::: Data for the task :::

Lemma Mtri_mul_entry (f : nat -> R) (i j : 'I_D) :
  f j * Mtri R D b c i j =
  (if (0 < i)%N && (j == i.-1 :> nat) then (c i)%:R * f i.-1 else 0) +
  (if (i == D.-1 :> nat) && (j == i :> nat)
   then ((b 0%N)%:R - (c D.-1)%:R) * f i else 0) +
  (if j == i.+1 :> nat then (b i)%:R * f i.+1 else 0).
Proof.
rewrite mxE mulrC; case: (ltngtP j i) => [ltji|ltij|/val_inj ->] /=.
- have -> : (0 < i)%N && (j == i.-1 :> nat) = (i == j.+1 :> nat) by lia.
  have -> : (j == i.+1 :> nat) = false by lia.
  rewrite andbF !addr0.
  by case: eqP => [->|_]; rewrite ?mul0r.
- have [-> ->] : (0 < i)%N && (j == i.-1 :> nat) = false /\
    (i == j.+1 :> nat) = false by split; lia.
  by rewrite andbF !add0r; case: eqP => [->|_]; rewrite ?mul0r.
- have [-> ->] : (i == i.+1 :> nat) = false /\
    (0 < i)%N && (i == i.-1 :> nat) = false by split; lia.
  by rewrite add0r addr0 andbT; case: ifP; rewrite ?mul0r.
Qed.

Lemma Mtri_row_sum (f : nat -> R) (i : 'I_D) :
  ((\row_(j < D) f j) *m (Mtri R D b c)^T) 0 i =
  (if (0 < i)%N then (c i)%:R * f i.-1 else 0) +
  (if i == D.-1 :> nat then ((b 0%N)%:R - (c D.-1)%:R) * f i else 0) +
  (if (i.+1 < D)%N then (b i)%:R * f i.+1 else 0).
Proof.
rewrite mxE; under eq_bigr => j _ do rewrite [_ 0 j]mxE [_^T j i]mxE Mtri_mul_entry.
rewrite !big_split /= -!big_mkcond (big_ord1_eq _ (fun=> _)).
rewrite (big_ord1_cond_eq _ (fun=> _) (fun=> (0 < i)%N)).
rewrite (big_ord1_cond_eq _ (fun=> _) (fun=> i == D.-1 :> nat)) ltn_ord.
by rewrite (leq_ltn_trans (leq_pred i) (ltn_ord i)).
Qed.

End Tridiagonal.

Lemma eigenvalue_trmx (F : fieldType) n (A : 'M[F]_n) x :
  eigenvalue A^T x = eigenvalue A x.
Proof.
rewrite /eigenvalue /eigenspace !kermx_eq0 /row_free -[in RHS]mxrank_tr.
by rewrite linearB /= tr_scalar_mx.
Qed.

Section TightPairs.
Variables (R : realType) (D : nat) (a b c : nat -> nat).
Hypothesis D_ge3 : (3 <= D)%N.
Hypothesis a_eq0 : forall i, (i <= D - 2)%N -> a i = 0%N.
Hypothesis a_gt0 : (0 < a D.-1)%N.
Hypothesis b_gt0 : forall i, (i < D)%N -> (0 < b i)%N.
Hypothesis c1_gt0 : (0 < c 1)%N.
Hypothesis cab_eq : forall i, (i < D)%N -> (c i + a i + b i = b 0)%N.

Local Notation k := ((b 0%N)%:R : R).
Local Notation pcs := (is_pcs D a b c).
Local Notation M := (Mtri R D b c).

Lemma cab_eqR i : (i < D)%N -> (c i)%:R + (a i)%:R + (b i)%:R = k.
Proof. by move=> ltiD; rewrite -!natrD cab_eq. Qed.

Lemma c0_eq0 : c 0 = 0%N.
Proof. by have := cab_eq (ltnW (ltnW D_ge3)); lia. Qed.

Lemma pcs_at1 th s : pcs th s -> k * s 1%N = th.
Proof.
case=> s0 rec; have := rec 0%N (ltnW (ltnW D_ge3)).
by rewrite c0_eq0 a_eq0 // s0 !mul0r !add0r mulr1.
Qed.

Lemma c_signr_pred i : (c i)%:R * (-1) ^+ i.-1 = - ((c i)%:R * (-1) ^+ i) :> R.
Proof.
by case: i => [|i]; rewrite ?c0_eq0 ?mul0r ?oppr0 // exprS mulN1r mulrN opprK.
Qed.

Lemma pcs_negk_alt s : pcs (-k) s -> forall i, (i <= D.-1)%N -> s i = (-1) ^+ i.
Proof.
case=> s0 rec; suff alt2 i : (i <= D.-1)%N -> s i.-1 = (-1) ^+ i.-1 /\ s i = (-1) ^+ i.
  by move=> i /alt2[].
elim: i => [|i IHi] leiD; first by rewrite s0.
have [si1 si] := IHi (ltnW leiD); split=> //.
have ltiD : (i < D)%N by lia.
have ai0 : a i = 0%N by apply: a_eq0; lia.
apply: (mulfI (b_neq0 R b_gt0 ltiD)); have := rec i ltiD.
rewrite si1 si c_signr_pred ai0 mul0r addr0 -(cab_eqR ltiD) ai0 => /eqP.
by rewrite addrC subr_eq => /eqP ->; rewrite exprS; ring.
Qed.

Lemma pcs_negk_mul_step th s r : pcs (-k) s -> pcs th r ->
  forall i, (i < D)%N ->
  (c i)%:R * (s i.-1 * r i.-1) + (a i)%:R * (s i * r i)
    + (b i)%:R * (s i.+1 * r i.+1) + th * (s i * r i)
  = if i == D.-1 then 2%:R * (a i)%:R * (-1) ^+ i * (r i - r i.+1) else 0.
Proof.
move=> ps [_ rec_r] i ltiD; have alt := pcs_negk_alt ps.
have c_s : (c i)%:R * (s i.-1 * r i.-1) = - ((-1) ^+ i * ((c i)%:R * r i.-1)).
  rewrite (alt i.-1); last by lia.
  by rewrite mulrA c_signr_pred; ring.
have th_r : th * (s i * r i) = (-1) ^+ i * (th * r i).
  by rewrite (alt i); [ring | lia].
rewrite c_s th_r -(rec_r i ltiD) (alt i); last by lia.
case: eqP => [iD|neiD].
  have bs : (b i)%:R * s i.+1 = - (2%:R * (a i)%:R + (b i)%:R) * (-1) ^+ i.
    have [_ /(_ i ltiD)] := ps; rewrite (alt i) ?(alt i.-1); try lia.
    by rewrite c_signr_pred -(cab_eqR ltiD) addrC => /(canRL (addrK _)) ->; ring.
  by rewrite [_ * (s i.+1 * _)]mulrA bs; ring.
rewrite a_eq0 ?(alt i.+1) ?exprS; try lia; ring.
Qed.

Lemma pcs_negk_mulP th s r : pcs (-k) s -> pcs th r ->
  pcs (- th) (fun i => s i * r i) <-> r D = r D.-1.
Proof.
move=> ps pr; have step := pcs_negk_mul_step ps pr.
have ltD1D : (D.-1 < D)%N by lia.
have D1S : D.-1.+1 = D by lia.
split=> [[_ /(_ _ ltD1D)] | rD].
  move: (step _ ltD1D); rewrite eqxx D1S mulNr => + rec; rewrite rec addNr.
  have aD : (a D.-1)%:R != 0 :> R by rewrite pnatr_eq0 -lt0n.
  move/esym/eqP; rewrite !mulf_eq0 subr_eq0 (negbTE aD) pnatr_eq0 signr_eq0 /=.
  by move=> /eqP ->.
split=> [|i ltiD]; first by have [-> ->] := (ps.1, pr.1); rewrite mulr1.
apply/eqP; rewrite mulNr -addr_eq0 step //.
by case: (i =P D.-1) => [->|//]; rewrite D1S rD subrr mulr0.
Qed.

Lemma Mtri_row_pcs (f : nat -> R) (i : 'I_D) : f D = f D.-1 ->
  ((\row_(j < D) f j) *m M^T) 0 i =
  (c i)%:R * f i.-1 + (a i)%:R * f i + (b i)%:R * f i.+1.
Proof.
move=> fD; rewrite Mtri_row_sum; have ltiD := ltn_ord i.
have -> : (if (0 < i)%N then (c i)%:R * f i.-1 else 0) = (c i)%:R * f i.-1.
  by case: posnP => [->|//]; rewrite c0_eq0 mul0r.
case: (i =P D.-1 :> nat) => [iD|neiD].
  have [D1S ltD1D] : D.-1.+1 = D /\ (D.-1 < D)%N by split; lia.
  by rewrite ifF ?iD ?D1S ?fD -?(cab_eqR ltD1D); [ring | lia].
rewrite ifT ?a_eq0; [ring | lia..].
Qed.

Lemma row_Mtri_eigenP th (f : nat -> R) : f D = f D.-1 ->
  (\row_(j < D) f j) *m M^T = th *: \row_(j < D) f j <-> pcs_rec D a b c th f.
Proof.
move=> fD; split=> [/rowP eig i ltiD | rec].
  by have := eig (Ordinal ltiD); rewrite Mtri_row_pcs // !mxE.
by apply/rowP=> i; rewrite Mtri_row_pcs // rec // !mxE.
Qed.

Lemma eigenvalue_MtriP th :
  eigenvalue M th <-> exists2 s, pcs th s & s D = s D.-1.
Proof.
rewrite -eigenvalue_trmx; split=> [/eigenvalueP [v eig v_neq0] | [s [s0 rec] sD]].
  pose f j := oapp (v 0) 0 (insub (minn j D.-1) : option 'I_D).
  have vf : v = \row_(j < D) f j.
    apply/rowP=> j; rewrite mxE /f (minn_idPl _) ?valK //; have := ltn_ord j; lia.
  have fD : f D = f D.-1 by rewrite /f minnn (minn_idPr _) //; lia.
  have rec : pcs_rec D a b c th f by apply/(row_Mtri_eigenP _ fD); rewrite -vf.
  have f0 : f 0%N != 0.
    apply: contraNneq v_neq0 => f0; apply/eqP/rowP=> j.
    by rewrite vf !mxE (pcs_rec_eq0 b_gt0 rec f0) // ltnW.
  by exists (fun i => f i / f 0%N); [exact: pcs_rec_normalize | rewrite fD].
apply/eigenvalueP; exists (\row_(j < D) s j); first exact/row_Mtri_eigenP.
apply/eqP => /rowP /(_ (Ordinal (ltnW (ltnW D_ge3)))); rewrite !mxE s0 => /eqP.
by rewrite oner_eq0.
Qed.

:::

▶ **Exercise**
Set the entries down again exactly, beginning with their first line and ending with the line that contains "rewrite andbF !addr0."; omit all other lines.

▶ **Task answer**
Lemma Mtri_mul_entry (f : nat -> R) (i j : 'I_D) :
  f j * Mtri R D b c i j =
  (if (0 < i)%N && (j == i.-1 :> nat) then (c i)%:R * f i.-1 else 0) +
  (if (i == D.-1 :> nat) && (j == i :> nat)
   then ((b 0%N)%:R - (c D.-1)%:R) * f i else 0) +
  (if j == i.+1 :> nat then (b i)%:R * f i.+1 else 0).
Proof.
rewrite mxE mulrC; case: (ltngtP j i) => [ltji|ltij|/val_inj ->] /=.
- have -> : (0 < i)%N && (j == i.-1 :> nat) = (i == j.+1 :> nat) by lia.
  have -> : (j == i.+1 :> nat) = false by lia.
  rewrite andbF !addr0.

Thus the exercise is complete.